– Ты отчасти угадал, отвечал Гарлей, серьёзным тоном. – Но знаешь, что? я боюсь состареться прежде, чем найду такую девочку. Ах, продолжал он еще более важным тоном, между тем как выражение лица его совершенно изменилось: – ах, если бы в самом деле я мог найти то, чего ищу – женщину с сердцем ребенка и умом зрелым, глубоким, – женщину, которая в самой природе видела бы достаточно разнообразия, прелести, и не стремилась бы нетерпеливо к тем суетным удовольствиям, которые тщеславие находит в изысканной сентиментальности жизни с её уродливыми формами, – женщину, которая собственным умосозерцанием понимала бы всю роскошь поэзии, облекающей создание, – поэзии, столь доступной дитяти, когда оно любуется цветком или восхищается звездой на темно-голубом небе, – если бы мне досталась в удел такая спутница жизни, тогда бы. что бы тогда?…
Он остановился, глубоко вздохнул и, закрыв лицо руками, произнес с расстановкою:
– Только раз, один только раз подобное видение прекрасного возвысило в моих глазах значение человеческой природы. Оно осветило мою сумрачную жизнь и опять исчезло навсегда. Только ты знаешь, – ты один знаешь….
Он поник головою, и слезы заструились сквозь его сложенные пальцы.
– Это уже так давно! сказал Одлей, подчиняясь воспоминанию своего друга. – Сколько долгих тяжких годов прожито с тех пор! в тебе действует лишь упрямая память ребенка.
– Что за вздор, в самом деле! вскричале Гарлей, вскакивая на ноги и начав принужденно смеяться. – Твоя карета все еще дожидается; завези меня домой, когда поедешь в Парламент.
Потом, положив руку на плечо своего друга, он прибавил:
– Тебе ли говорить, Одлей Эджертон, о докучливой памятливости ребенка? Что же связывает нас с тобой, как не воспоминание детства? Что же, как не это, заставляет биться мое сердце при встрече с тобой? Что же в состоянии отвлечь твое внимание от законодательных кодексов и пространных билей, чтобы обратить его на такого тунеядца, как я? Дай мне свою руку. О, друг моей юности! вспомни, как часто мы гребли сами веслами, разъезжая в лодке по родному озеру, вспомни, как откровенно разговаривали мы, сидя на дерновой скамье в тени деревьев и строя в высоте летней атмосферы замки более великолепные, чем Виндзорский! О! это крепкия узы – подобные юношеские воспоминания, поверь мне!

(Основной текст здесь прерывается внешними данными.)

Lemma at_level_count N d : d <= N%:R -> at_level (level_count N d) d.
Proof.
move=> dN; have [kN kP] := level_countP N d.
set k := level_count N d in kN kP *; split.
  by case: (posnP k) => [->|k1]; [left | right; rewrite kP].
have [kN'|Nk] := leqP k.+1 N; first by rewrite ltNge kP // ltnn.
have -> : k = N by lia.
by apply: le_lt_trans dN _; rewrite ltr_nat; have := leq_t (ltn0Sn N); lia.
Qed.
End Rescaling.

Lemma ler_nat_minn (R : numDomainType) (z : R) a b :
  z <= a%:R -> z <= b%:R -> z <= (minn a b)%:R.
Proof. by rewrite /minn; case: ifP. Qed.

Section TreeDepth.
Variables (R : realType) (X : nat -> Type) (p : forall n, X n.+1 -> X n).

Lemma depth_bounded (a : point X R) : valid_point a ->
  exists N : nat, 0 <= depth a <= N%:R.
Proof.
case: a => [|n x s] /=; first by exists 0%N; rewrite lexx.
move=> [n1 [s0 s1]]; exists n; have n1R : 1 <= n%:R :> R by rewrite ler1n.
apply/andP; split; lra.
Qed.

Lemma gromov_le_depth (a b : point X R) : valid_point a -> valid_point b ->
  gromov p a b <= depth a /\ gromov p a b <= depth b.
Proof.
move=> va vb.
have [Na /andP[a0 _]] := depth_bounded va; have [Nb /andP[b0 _]] := depth_bounded vb.
case: a b va vb a0 b0 => [|n x s] [|m y s'] //= _ _ a0 b0.
by rewrite !ge_min !lexx /= ?orbT.
Qed.

End TreeDepth.

Section HatMap.
Variables (R : realType) (X : nat -> Type) (p : forall n, X n.+1 -> X n).
Variables (Y : nat -> Type) (q : forall n, Y n.+1 -> Y n).
Variables (Phi : nat -> nat) (f : forall n, X (Phi n) -> Y n) (t : nat -> nat).
Arguments f : clear implicits.
Hypothesis Ht1 : (Phi 1 < t 1)%N /\ (Phi 2 < t 1)%N.
Hypothesis Htk : forall k, (2 <= k)%N -> (t k.-1 < t k)%N /\ (Phi k.+1 < t k)%N.
Hypothesis Hcompat : forall k i, (1 <= i)%N -> (i <= k)%N ->
  forall (Hi : (Phi i <= t k)%N) (Hk : (Phi k.+1 <= t k)%N)
         (Hik : (i <= k.+1)%N) (z : X (t k)),
    f i (pp p (Phi i) (t k) Hi z) = pp q i k.+1 Hik (f k.+1 (pp p (Phi k.+1) (t k) Hk z)).

Lemma t1_gt0 : (0 < t 1)%N.
Proof. by case: Ht1; lia. Qed.

Lemma t_ltS j : (1 <= j)%N -> (t j < t j.+1)%N.
Proof. by move=> j1; case: (Htk (k := j.+1) j1). Qed.

Lemma Phi_succ_lt_t i : (1 <= i)%N -> (Phi i.+1 < t i)%N.
Proof. by case: i => [//|[|i]] _; [case: Ht1 | case: (Htk (k := i.+2) isT)]. Qed.

Lemma Phi_lt_t j : (1 <= j)%N -> (Phi j < t j)%N.
Proof.
case: j => [//|[|i]] _; first by case: Ht1.
by have := Phi_succ_lt_t (ltn0Sn i); have := t_ltS (ltn0Sn i); lia.
Qed.

Lemma f_proj_compat m L n (x : X n) (Hm : (Phi m <= n)%N) (HL : (Phi L <= n)%N)
  (L1 : (1 <= L)%N) (Lm : (L <= m)%N) (tm : (t m <= n)%N) :
  pp q L m Lm (f m (pp p (Phi m) n Hm x)) = f L (pp p (Phi L) n HL x).
Proof.
have [Lm'|mL] := ltnP L m; last first.
  have mE : m = L by apply/eqP; rewrite eqn_leq mL Lm.
  by subst m; rewrite pp_id (pp_irr _ Hm HL).
case: m Hm Lm tm Lm' => [//|j] Hm Lm tm Lj.
have j1 : (1 <= j)%N := leq_trans L1 Lj.
have tj : (t j <= n)%N by have := t_ltS j1; lia.
have PhiL : (Phi L <= t j)%N.
  by have := Phi_lt_t L1; have := t_mono t1_gt0 t_ltS L1 Lj; lia.
have Phij : (Phi j.+1 <= t j)%N by have := Phi_succ_lt_t j1; lia.
have := Hcompat L1 Lj PhiL Phij Lm (pp p (t j) n tj x).
by rewrite !pp_comp => <-; apply: congr1; apply: pp_irr.
Qed.

Lemma hatf_cases n (x : X n) (s : R) : valid_point (Pt n x s) ->
  let d := n%:R - s in
  exists2 k, at_level t k d &
  (hatf p Phi f t (Pt n x s) = Root /\ rescale t k d = 0) \/
  exists m s' (Hm : (Phi m <= n)%N),
    [/\ (1 <= m)%N, (t m <= n)%N, 0 <= s', m%:R - s' = rescale t k d &
        hatf p Phi f t (Pt n x s) = Pt m (f m (pp p (Phi m) n Hm x)) s'].
Proof.
move=> [n1 [s0 s1]] d.
have dn : d <= n%:R by rewrite /d; lra.
have kd := at_level_count t1_gt0 t_ltS dn.
exists (level_count t n d) => //.
rewrite /hatf -/d -/(level_count t n d); set k := level_count t n d in kd *.
have [k0|k1] := posnP k; first by left; rewrite k0 /rescale.
have [lam0 lam1 _ _] := rescale_frac_bounds t1_gt0 t_ltS k1 kd.
move: lam0 lam1; rewrite /rescale gtn_eqF // addrC addKr => lam0 lam1.
have tk : (t k <= n)%N.
  case: kd => [[k0|tkd] _]; first by rewrite k0 in k1.
  by rewrite -(ler_nat R); lra.
set lam := (d - (t k)%:R) / _ in lam0 lam1 *.
have [lamE|lam_neq0] := eqVneq lam 0.
  rewrite lamE addr0.
  have [kE|k_neq1] := eqVneq k 1%N; first by left; rewrite kE.
  have k'1 : (1 <= k.-1)%N by lia.
  have Hm : (Phi k.-1 <= n)%N.
    by have := Phi_lt_t k'1; have := t_mono t1_gt0 t_ltS k'1 (leq_pred k); lia.
  rewrite (ppoE p Hm); right; exists k.-1, 0, Hm; split=> //; rewrite ?lexx //.
  - by have := t_mono t1_gt0 t_ltS k'1 (leq_pred k); lia.
  - by rewrite subr0.
have Hk : (Phi k <= n)%N by have := Phi_lt_t k1; lia.
rewrite (ppoE p Hk); right; exists k, (1 - lam), Hk; split=> //; first lra.
have kE : k%:R = (k.-1)%:R + 1 :> R by rewrite natr1 prednK.
by rewrite kE; lra.
Qed.

Lemma depth_hatf (a : point X R) : valid_point a ->
  exists2 k, at_level t k (depth a) & depth (hatf p Phi f t a) = rescale t k (depth a).
Proof.
case: a => [|n x s] va.
  by exists 0%N => //; split; [left | rewrite /= ltr0n t1_gt0].
have [k kd [[hE rE]|[m [s' [Hm [_ _ _ mE hE]]]]]] := hatf_cases va;
  by exists k => //; rewrite hE /= ?rE ?mE.
Qed.

Lemma common_level_hatf na nb (xa : X na) (xb : X nb) ma mb
    (Ha : (Phi ma <= na)%N) (Hb : (Phi mb <= nb)%N) L :
  (1 <= L)%N -> (L <= minn ma mb)%N -> (t ma <= na)%N -> (t mb <= nb)%N ->
  (t L <= common_level p xa xb)%N ->
  (L <= common_level q (f ma (pp p (Phi ma) na Ha xa)) (f mb (pp p (Phi mb) nb Hb xb)))%N.
Proof.
move=> L1 Lm tma tmb tLc; apply: common_level_ge => //.
have Lma : (L <= ma)%N by move: Lm; rewrite leq_min => /andP[].
have Lmb : (L <= mb)%N by move: Lm; rewrite leq_min => /andP[].
have PhiLc : (Phi L <= common_level p xa xb)%N by have := Phi_lt_t L1; lia.
have [c0|[cna cnb agree]] := common_levelP p xa xb.
  by move: PhiLc; rewrite c0; have := Phi_lt_t L1; lia.
have PhiLa := leq_trans PhiLc cna; have PhiLb := leq_trans PhiLc cnb.
rewrite (ppoE q Lma) (ppoE q Lmb) (f_proj_compat xa Ha PhiLa L1 Lma tma)
  (f_proj_compat xb Hb PhiLb L1 Lmb tmb).
by rewrite -(pp_comp p PhiLc cna) -(pp_comp p PhiLc cnb) (ppo_agree cna cnb agree).
Qed.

Одлей отвернулся, отвечая пожатием руки на. слова своего друга, и пока И'арлей легкою поступью спускался с лестницы, Эджертон остался позади на некоторое время, и когда он сел в карету возле своего друга, то на лице его вовсе нельзя было прочесть, что он готовится к чему-то важному.
Часа через два крики: «Мнение, мнение!» «Пропустите, пропустите!» раздались после глубокого молчания, и Одлей Эджертон поднялся с своего места в Парламенте, чтобы разрешить прения. Это человек, который будет говорить до поздней ночи и которого будут слушать самые нетерпеливые из разместившейся по лавкам публики. Голос его силен и звучен, стан его прям и величествен.
И пока Одлей Эджертон, вовсе не в угоду своему самолюбию, занимает таким образом общее внимание, где находится И'арлей л'Эстренджь? Он стоит один в Ричмонде на берегу реки и далеко витает мыслями, глядя на поверхность воды, посеребренную лучем месяца. Когда Одлей оставил его дома, он сидел с своими родными, забавлял их своими шутками, дождался, когда все разошлись по спальням, и потом, когда, может быть, все воображали, что он отправился на бал или в клуб, он потихоньку выбрался на свежий воздух, прошел мимо душистых садов, мимо густых каштановых беседок, с единственною целию побывать на прелестном берегу прелестнейшей из английских рек, в тот час, когда луна высоко подымается на небе и песня соловья особенно звучно разносится среди ночного безмолвия.